Action item: Below are some entries. Copy each line that holds the string "Banach".

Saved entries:
·····
Lemma PhiV_perm g : (Phi (ginv g)).2 = ((Phi g).2)^-1%g.
Proof.
have [E _] := Phi_hom (ginv g) g; rewrite gmulV Phi1_perm in E.
by rewrite -[LHS](mulgK (Phi g).2) -E mul1g.
Qed.

Lemma PhiV_sec g y : (Phi (ginv g)).1 y = ginv ((Phi g).1 (((Phi g).2)^-1%g y)).
Proof.
have [_ E] := Phi_hom (ginv g) g; apply: ginv_uniq.
by rewrite -PhiV_perm -E gmulV Phi1_sec.
Qed.

Lemma sect1 v : sect (gone G) v = gone G.
Proof. by elim: v => //= x v IH; rewrite Phi1_sec. Qed.

Lemma sectV g v : exists v', size v' = size v /\ sect (ginv g) v' = ginv (sect g v).
Proof.
elim: v g => [|x v IH] g; first by exists [::].
have [v' [size_v' E]] := IH ((Phi g).1 x).
exists ((Phi g).2 x :: v'); split; first by rewrite /= size_v'.
by rewrite /sect /= PhiV_sec permK.
Qed.

Lemma weval_cat u v : weval (u ++ v) = gmul (weval u) (weval v).
Proof. by elim: u => [|a u IH] /=; rewrite ?gmul1 // /weval /= -gmulA -IH. Qed.

Lemma wperm_cat u v : wperm (u ++ v) = (wperm u * wperm v)%g.
Proof. by elim: u => [|a u IH]; rewrite ?mul1g // /wperm /= -mulgA -IH. Qed.

Lemma wsec_cat u v x : wsec (u ++ v) x = wsec u x ++ wsec v (wperm u x).
Proof.
elim: u x => [|a u IH] x /=; first by rewrite /wperm /= perm1.
by rewrite IH catA /wperm /= permM.
Qed.

Lemma pi_phi_letter a : (Phi (leval nuc a)).2 = lperm a /\
  forall x, (Phi (leval nuc a)).1 x = weval (lsec a x).
Proof.
case: a => i [] /=; rewrite /leval /lperm /lsec /tau /weval /=.
  by split=> [|x]; rewrite ?PhiV_perm ?PhiV_sec ?nuc_sect ?gmulr1.
by split=> [|x]; rewrite ?nuc_sect ?gmulr1.
Qed.

Lemma pi_phi w : (Phi (weval w)).2 = wperm w /\
  forall x, (Phi (weval w)).1 x = weval (wsec w x).
Proof.
elim: w => [|a w [IHp IHs]]; first by split=> [|x]; rewrite ?Phi1_perm ?Phi1_sec.
have [Lp Ls] := pi_phi_letter a.
have [Ep Es] := Phi_hom (leval nuc a) (weval w).
split=> [|x]; rewrite /weval /= -/(weval w); first by rewrite Ep Lp IHp.
by rewrite Es Lp Ls IHs -weval_cat.
Qed.

Lemma weval_wsecv w v : weval (wsecv w v) = sect (weval w) v.
Proof.
elim: v w => [|x v IH] w //=.
by rewrite /wsecv /= -/(wsecv _ v) IH /sect /= (proj2 (pi_phi w) x).
Qed.

Lemma g0_ctx u u' a b : g0eq u u' -> g0eq (a ++ u ++ b) (a ++ u' ++ b).
Proof.
move=> H; elim: H a b => {u u'}.
- by move=> *; apply: g0_refl.
- by move=> w w' _ IH a b; apply: g0_sym.
- by move=> w1 w2 w3 _ IH1 _ IH2 a b; apply: g0_trans (IH1 a b) (IH2 a b).
- move=> a0 b0 i e a b.
  by have := g0_cancel Phi nuc idx h (a ++ a0) (b0 ++ b) i e; rewrite -!catA.
- move=> a0 b0 r rel_r a b.
  by have := g0_rel Phi idx h (a ++ a0) (b0 ++ b) rel_r; rewrite -!catA.
- move=> a0 b0 x i v a b.
  by have := g0_E Phi nuc idx h (a ++ a0) (b0 ++ b) x i v; rewrite -!catA.
Qed.

Lemma g0_cat u u' v v' : g0eq u u' -> g0eq v v' -> g0eq (u ++ v) (u' ++ v').
Proof.
move=> Hu Hv; apply: g0_trans (_ : g0eq (u' ++ v) _); first exact: g0_ctx [::] v Hu.
by have := g0_ctx u' [::] Hv; rewrite !cats0.
Qed.

Lemma g0_cancel0 i e : g0eq [:: (i, e); (i, ~~ e)] [::].
Proof. by have := g0_cancel Phi nuc idx h [::] [::] i e. Qed.

Lemma g0_relator r : is_relator nuc r -> g0eq r [::].
Proof. by move=> rel_r; have := g0_rel Phi idx h [::] [::] rel_r; rewrite /= cats0. Qed.

Lemma g0_E0 x i v : g0eq (wsecv (wE Phi nuc idx h x i) v) [::].
Proof. by have := g0_E Phi nuc idx h [::] [::] x i v; rewrite /= cats0. Qed.

Lemma weval_relator r : is_relator nuc r -> weval r = gone G.
Proof.
rewrite /weval; case=> [[i [-> E]]|[[i [j [-> E]]]|[i [j [k [-> E]]]]]] /=;
  by rewrite ?gmulr1 ?gmulA.
Qed.

Lemma weval_wE x i : weval (wE Phi nuc idx h x i) = gone G.
Proof.
rewrite /wE weval_cat -(proj2 (pi_phi (h x i)) x) (proj2 (h_spec x i)).
by rewrite /weval /= gmulr1 gmulVr.
Qed.

Lemma weval_cancel i e : weval [:: (i, e); (i, ~~ e)] = gone G.
Proof. by case: e; rewrite /weval /= gmulr1 ?gmulV ?gmulVr. Qed.

Lemma g0_weval w w' : g0eq w w' -> weval w = weval w'.
Proof.
elim=> [//|w1 w2 _ -> //|w1 w2 w3 _ -> _ -> //|a b i e|a b r rel_r|a b x i v];
  rewrite !weval_cat.
- by rewrite weval_cancel gmul1.
- by rewrite (weval_relator rel_r) gmul1.
- by rewrite weval_wsecv weval_wE sect1 gmul1.
Qed.

Lemma wperm_pi w : wperm w = (Phi (weval w)).2.
Proof. by rewrite (proj1 (pi_phi w)). Qed.

Lemma g0_wperm w w' : g0eq w w' -> wperm w = wperm w'.
Proof. by move=> H; rewrite !wperm_pi (g0_weval H). Qed.

Lemma relator_sec r y : is_relator nuc r -> is_relator nuc (wsec r y).
Proof.
case=> [[i [-> E]]|[[i [j [-> E]]]|[i [j [k [-> E]]]]]] /=.
- by left; exists (idx i y); split => //; rewrite -nuc_sect E Phi1_sec.
- right; left; exists (idx i y), (idx j (tau Phi nuc i y)); split => //.
  by have [_ Es] := Phi_hom (nuc i) (nuc j); rewrite -!nuc_sect -Es E Phi1_sec.
- right; right; exists (idx i y), (idx j (tau Phi nuc i y)),
    (idx k (tau Phi nuc j (tau Phi nuc i y))); split => //.
  have [Ep Es] := Phi_hom (nuc i) (nuc j).
  have [_ Es'] := Phi_hom (gmul (nuc i) (nuc j)) (nuc k).
  by rewrite -!nuc_sect -Es /tau -permM -Ep -Es' E Phi1_sec.
Qed.

(* Deleting a trivial subword r whose sections are all trivial in G_0 does not
   change sections in G_0: the permutation of r is trivial. *)
Lemma g0_sec_delete a b r x : weval r = gone G -> (forall y, g0eq (wsec r y) [::]) ->
  g0eq (wsec (a ++ r ++ b) x) (wsec (a ++ b) x).
Proof.
move=> r1 sec_r; rewrite !wsec_cat (wperm_pi r) r1 Phi1_perm perm1.
exact: g0_ctx (wsec a x) (wsec b (wperm a x)) (sec_r (wperm a x)).
Qed.

Lemma g0_sec w w' : g0eq w w' -> forall x, g0eq (wsec w x) (wsec w' x).
Proof.
elim=> {w w'}.
- by move=> *; apply: g0_refl.
- by move=> w w' _ IH x; apply: g0_sym.
- by move=> w1 w2 w3 _ IH1 _ IH2 x; apply: g0_trans (IH1 x) (IH2 x).
- move=> a b i e x; apply: g0_sec_delete; first exact: weval_cancel.
  move=> y; case: e; rewrite /= /lperm /lsec /=; last rewrite permK;
    exact: g0_cancel0.
- move=> a b r rel_r x; apply: g0_sec_delete; first exact: weval_relator.
  by move=> y; apply/g0_relator/relator_sec.
- move=> a b x0 i v x; apply: g0_sec_delete.
    by rewrite weval_wsecv weval_wE sect1.
  by move=> y; rewrite /wsecv -foldl_rcons; apply: g0_E0.
Qed.

Lemma g0_wsecv u u' v : g0eq u u' -> g0eq (wsecv u v) (wsecv u' v).
Proof. by elim: v u u' => [|x v IH] u u' H //=; apply/IH/g0_sec. Qed.

Definition linv (a : letter l) : letter l := (a.1, ~~ a.2).
Definition winv (w : word l) : word l := rev (map linv w).

Lemma winv_cons a w : winv (a :: w) = winv w ++ [:: linv a].
Proof. by rewrite /winv /= rev_cons cats1. Qed.

Lemma wperm_winv w : wperm (winv w) = (wperm w)^-1%g.
Proof.
elim: w => [|a w IH]; first by rewrite /wperm /= invg1.
rewrite winv_cons wperm_cat IH /wperm /= mulg1 invMg.
by case: a => i []; rewrite /lperm /= ?invgK.
Qed.

Lemma wsec_winv w x : wsec (winv w) x = winv (wsec w ((wperm w)^-1%g x)).
Proof.
elim: w x => [|a w IH] x //.
rewrite winv_cons wsec_cat IH wperm_winv /= cats0 invMg permM permKV.
rewrite /winv map_cat rev_cat; congr (_ ++ _).
by case: a => i []; rewrite /lsec /lperm /= ?invgK ?permK.
Qed.
(* Let $X$ be a Banach space, $\Omega\in L(X)$ an isomorphism of $X$ onto itself, $\tau>0$ and $f\in C^{0}([0,\infty),X)$. Then the unique classical solution of $$\ddot x(t)-\Omega^{2}x(t-2\tau)=f(t)\ (t\ge0),\qquad x(t)=0\ (t\in[-2\tau,0])$$ is given by $x(t)=\int_{0}^{t}x_2(t-s;\Omega)f(s)\,ds$ for $t\ge0$ (and $x(t)=0$ for $t\in[-2\tau,0]$).
   Context: For $A\in L(X)$, $\exp_\tau(t;A)=0$ for $t<-\tau$, $=\mathrm{id}_X$ for $-\tau\le t<0$, and $=\sum_{j=0}^{k}A^{j}\frac{(t-(j-1)\tau)^{j}}{j!}$ for $(k-1)\tau\le t<k\tau$, $k\in\mathbb N$. For $t\in\mathbb R$, $x_2(t;\Omega):=\tfrac12\Omega^{-1}(\exp_\tau(t;\Omega)-\exp_\tau(t;-\Omega))$; in particular $x_2(t;\Omega)=0$ for $t<0$. A classical solution is a function $x\in C^{1}([-2\tau,\infty),X)\cap C^{2}([-2\tau,0],X)\cap C^{2}([0,\infty),X)$ (one-sided derivatives at endpoints) satisfying the equations pointwise. *)

From Stdlib Require Import Reals Lra Lia ZArith.
Open Scope R_scope.

Record Banach := {
  B :> Type;
  bzero : B;
  badd : B -> B -> B;
  bopp : B -> B;
  bscal : R -> B -> B;
  bnorm : B -> R;
  badd_assoc : forall x y z, badd x (badd y z) = badd (badd x y) z;
  badd_comm : forall x y, badd x y = badd y x;
  badd_0 : forall x, badd x bzero = x;
  badd_opp : forall x, badd x (bopp x) = bzero;
  bscal_assoc : forall a b x, bscal a (bscal b x) = bscal (a * b) x;
  bscal_1 : forall x, bscal 1 x = x;
  bscal_distr_l : forall a x y, bscal a (badd x y) = badd (bscal a x) (bscal a y);
  bscal_distr_r : forall a b x, bscal (a + b) x = badd (bscal a x) (bscal b x);
  bnorm_eq0 : forall x, bnorm x = 0 -> x = bzero;
  bnorm_scal : forall a x, bnorm (bscal a x) = Rabs a * bnorm x;
  bnorm_triangle : forall x y, bnorm (badd x y) <= bnorm x + bnorm y;
  bcomplete : forall u : nat -> B,
    (forall eps, eps > 0 -> exists N, forall m n, (m >= N)%nat -> (n >= N)%nat ->
        bnorm (badd (u m) (bopp (u n))) < eps) ->
    exists l, forall eps, eps > 0 -> exists N, forall n, (n >= N)%nat ->
        bnorm (badd (u n) (bopp l)) < eps
}.
(* Let $R$ be a connected order and let $(A,G),(B,H)\in\mathcal{D}(R)$ with $H\subset G$ and $B\supset A$. Let $J=G\cap\mu(B)$. Then $G=J\times H$ (internal direct product) and $B=A[J]$ (i.e., the natural map from the group ring $A[J]$ to $B$ is a ring isomorphism).
   Context: All rings have a unit element. An order is a commutative ring whose additive group is isomorphic to $\mathbb{Z}^n$ for some $n\geq0$; it is connected if it has exactly two idempotents. $\mu(B)$ is the group of roots of unity of $B$. For a commutative ring $R$, $\mathcal{D}(R)$ is the set of pairs $(A,G)$ with $A\subset R$ a subring and $G\subset R^*$ a subgroup such that the natural map from the group ring $A[G]$ to $R$ is a ring isomorphism. *)

From HB Require Import structures.
From mathcomp Require Import all_boot all_order all_algebra.
Set Implicit Arguments. Unset Strict Implicit. Unset Printing Implicit Defensive.
Import GRing.Theory.
Local Open Scope ring_scope.

Section Defs.
Variable R : comNzRingType.

Definition is_order : Prop :=
  exists (n : nat) (f : R -> 'rV[int]_n),
    {morph f : x y / x + y} /\ bijective f.

Definition connected_ring : Prop :=
  exists e1 e2 : R, e1 <> e2 /\ forall e : R, e * e = e <-> (e = e1 \/ e = e2).

Definition is_subring (A : R -> Prop) : Prop :=
  [/\ A 1, (forall x y, A x -> A y -> A (x - y)) & (forall x y, A x -> A y -> A (x * y))].

Definition is_unit_subgroup (G : R -> Prop) : Prop :=
  [/\ G 1, (forall x y, G x -> G y -> G (x * y))
     & (forall g, G g -> exists h, G h /\ g * h = 1)].

(* Elements of the group ring A[G], finitely supported, are represented by
   finite lists of pairs (a, g) with a in A and g in G, standing for the
   formal sum of the a * [g]; the natural map A[G] -> R sends it to
   \sum a * g. *)
Definition gr_eval (s : seq (R * R)) : R := \sum_(p <- s) p.1 * p.2.
Definition endpoint_dominated (g : ('I_n -> R) -> R) :=
  forall x i j (s t : R), s <= 0 -> 0 <= t ->
  g x <= g (shift x (pair_dir i j) s) \/ g x <= g (shift x (pair_dir i j) t).

Lemma endpoint_dominated_convex_quadratic (g : ('I_n -> R) -> R) :
  (forall x i j, exists A B, 0 <= B /\
     forall t, g (shift x (pair_dir i j) t) = g x + t * A + t ^+ 2 * B) ->
  endpoint_dominated g.
Proof.
move=> gE x i j s t s_le0 t_ge0.
have [A [B [B_ge0 gxE]]] := gE x i j; rewrite !gxE.
have sqrB_ge0 u : 0 <= u ^+ 2 * B by rewrite mulr_ge0 ?sqr_ge0.
have [A_ge0|A_lt0] := leP 0 A; [right|left]; rewrite -addrA lerDl addr_ge0 //.
  exact: mulr_ge0.
by rewrite mulr_le0 // ltW.
Qed.

End EndpointDomination.

Section Objective.

Variables (R : realFieldType) (n d k : nat) (theta lambda : R).
Variables (c : 'I_n -> R) (E : 'M[R]_(n, d)).
Hypothesis unit_rows : forall i : 'I_n, \sum_(l < d) E i l ^+ 2 = 1.
Hypothesis theta_le1 : theta <= 1.
Hypothesis lambda_ge2 : 2 <= lambda.

Lemma gramE i j : (E *m E^T) i j = \sum_l E i l * E j l.
Proof. by rewrite mxE; apply: eq_bigr => l _; rewrite mxE. Qed.

Lemma gram_sym i j : (E *m E^T) j i = (E *m E^T) i j.
Proof. by rewrite !gramE; apply: eq_bigr => l _; rewrite mulrC. Qed.

Lemma gram_diag i : (E *m E^T) i i = 1.
Proof. by rewrite gramE -(unit_rows i); apply: eq_bigr => l _; rewrite expr2. Qed.

Lemma gram_ge_N1 i j : -1 <= (E *m E^T) i j.
Proof.
have : 0 <= \sum_l (E i l + E j l) ^+ 2 by apply: sumr_ge0 => l _; apply: sqr_ge0.
have -> : \sum_l (E i l + E j l) ^+ 2 =
    (E *m E^T) i i + (E *m E^T) j j + 2 * (E *m E^T) i j.
  rewrite !gramE mulr_sumr -!big_split /=.
  by apply: eq_bigr => l _; ring.
rewrite !gram_diag; lra.
Qed.

Definition obj_matrix (i j : 'I_n) : R :=
  (if i == j then lambda else 0) - (E *m E^T) i j.

Lemma objE x : obj k theta lambda c E x =
  theta * (k%:R - 1) * (\sum_a c a * x a) + (1 - theta) * quad_form obj_matrix x.
Proof. by []. Qed.

Lemma obj_shift x v : exists A, forall t,
  obj k theta lambda c E (shift x v t) =
  obj k theta lambda c E x + t * A + t ^+ 2 * ((1 - theta) * quad_form obj_matrix v).
Proof.
exists (theta * (k%:R - 1) * (\sum_a c a * v a) + (1 - theta) *
  (\sum_i \sum_j (x i * obj_matrix i j * v j + v i * obj_matrix i j * x j))).
by move=> t; rewrite !objE dot_shift quad_form_shift; ring.
Qed.

Lemma obj_matrix_pair_curvature i j : 0 <= quad_form obj_matrix (pair_dir i j).
Proof.
rewrite quad_form_pair_dir /obj_matrix eqxx.
have [<-|ij] := eqVneq i j; first by rewrite eqxx !subrr.
rewrite eqxx !gram_diag (gram_sym i j).
have := gram_ge_N1 i j; have := lambda_ge2; lra.
Qed.
Record is_weak_module (V : lmodType CC) (YV : vop V V) (vac : V)
    (W : lmodType CC) (YW : vop V W) : Prop := {
  wm_bilinear : vop_bilinear YW;
  wm_trunc : vop_truncation YW;
  wm_vacuum : forall (m : int) (w : W), YW vac m w = if m == -1 then w else 0;
  wm_jacobi : jacobi_identity YV YW
}.

(* N-gradable: W = (+)_{n in N} W(n) with v_m W(n) <= W(wt v + n - m - 1)
   for homogeneous v; we index by Z with W(k) = 0 for k < 0. *)
Definition N_gradable (V : lmodType CC) (Vg : int -> V -> Prop)
    (W : lmodType CC) (YW : vop V W) : Prop :=
  exists Wg : int -> W -> Prop,
    is_Zgrading Wg /\
    (forall k : int, k < 0 -> forall w, Wg k w -> w = 0) /\
    (forall (k : int) (v : V) (n m : int) (w : W),
        Vg k v -> Wg n w -> Wg (k + n - m - 1) (YW v m w)).

Definition Vplus (V : lmodType CC) (Vg : int -> V -> Prop) (v : V) : Prop :=
  exists (s : seq int) (f : int -> V),
    (forall n, n \in s -> 1 <= n) /\ (forall n, Vg n (f n)) /\ v = \sum_(n <- s) f n.

Definition C1 (V : lmodType CC) (Vg : int -> V -> Prop)
    (W : lmodType CC) (YW : vop V W) : W -> Prop :=
  in_span (fun x => exists v w, Vplus Vg v /\ x = YW v (-1) w).

Definition C1_cofinite (V : lmodType CC) (Vg : int -> V -> Prop)
    (W : lmodType CC) (YW : vop V W) : Prop :=
  exists s : seq W, forall w : W,
    exists y z, in_span (fun x => x \in s) y /\ C1 Vg YW z /\ w = y + z.

Definition is_submodule (V : lmodType CC) (W : lmodType CC) (YW : vop V W)
    (P : W -> Prop) : Prop :=
  is_subspace P /\ forall (v : V) (m : int) (w : W), P w -> P (YW v m w).

Definition finitely_generated (V : lmodType CC) (W : lmodType CC) (YW : vop V W) : Prop :=
  exists S : seq W, forall P : W -> Prop,
    is_submodule YW P -> (forall x, x \in S -> P x) -> forall w, P w.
·····
Exercise response:
(* Let $X$ be a Banach space, $\Omega\in L(X)$ an isomorphism of $X$ onto itself, $\tau>0$ and $f\in C^{0}([0,\infty),X)$. Then the unique classical solution of $$\ddot x(t)-\Omega^{2}x(t-2\tau)=f(t)\ (t\ge0),\qquad x(t)=0\ (t\in[-2\tau,0])$$ is given by $x(t)=\int_{0}^{t}x_2(t-s;\Omega)f(s)\,ds$ for $t\ge0$ (and $x(t)=0$ for $t\in[-2\tau,0]$).
Record Banach := {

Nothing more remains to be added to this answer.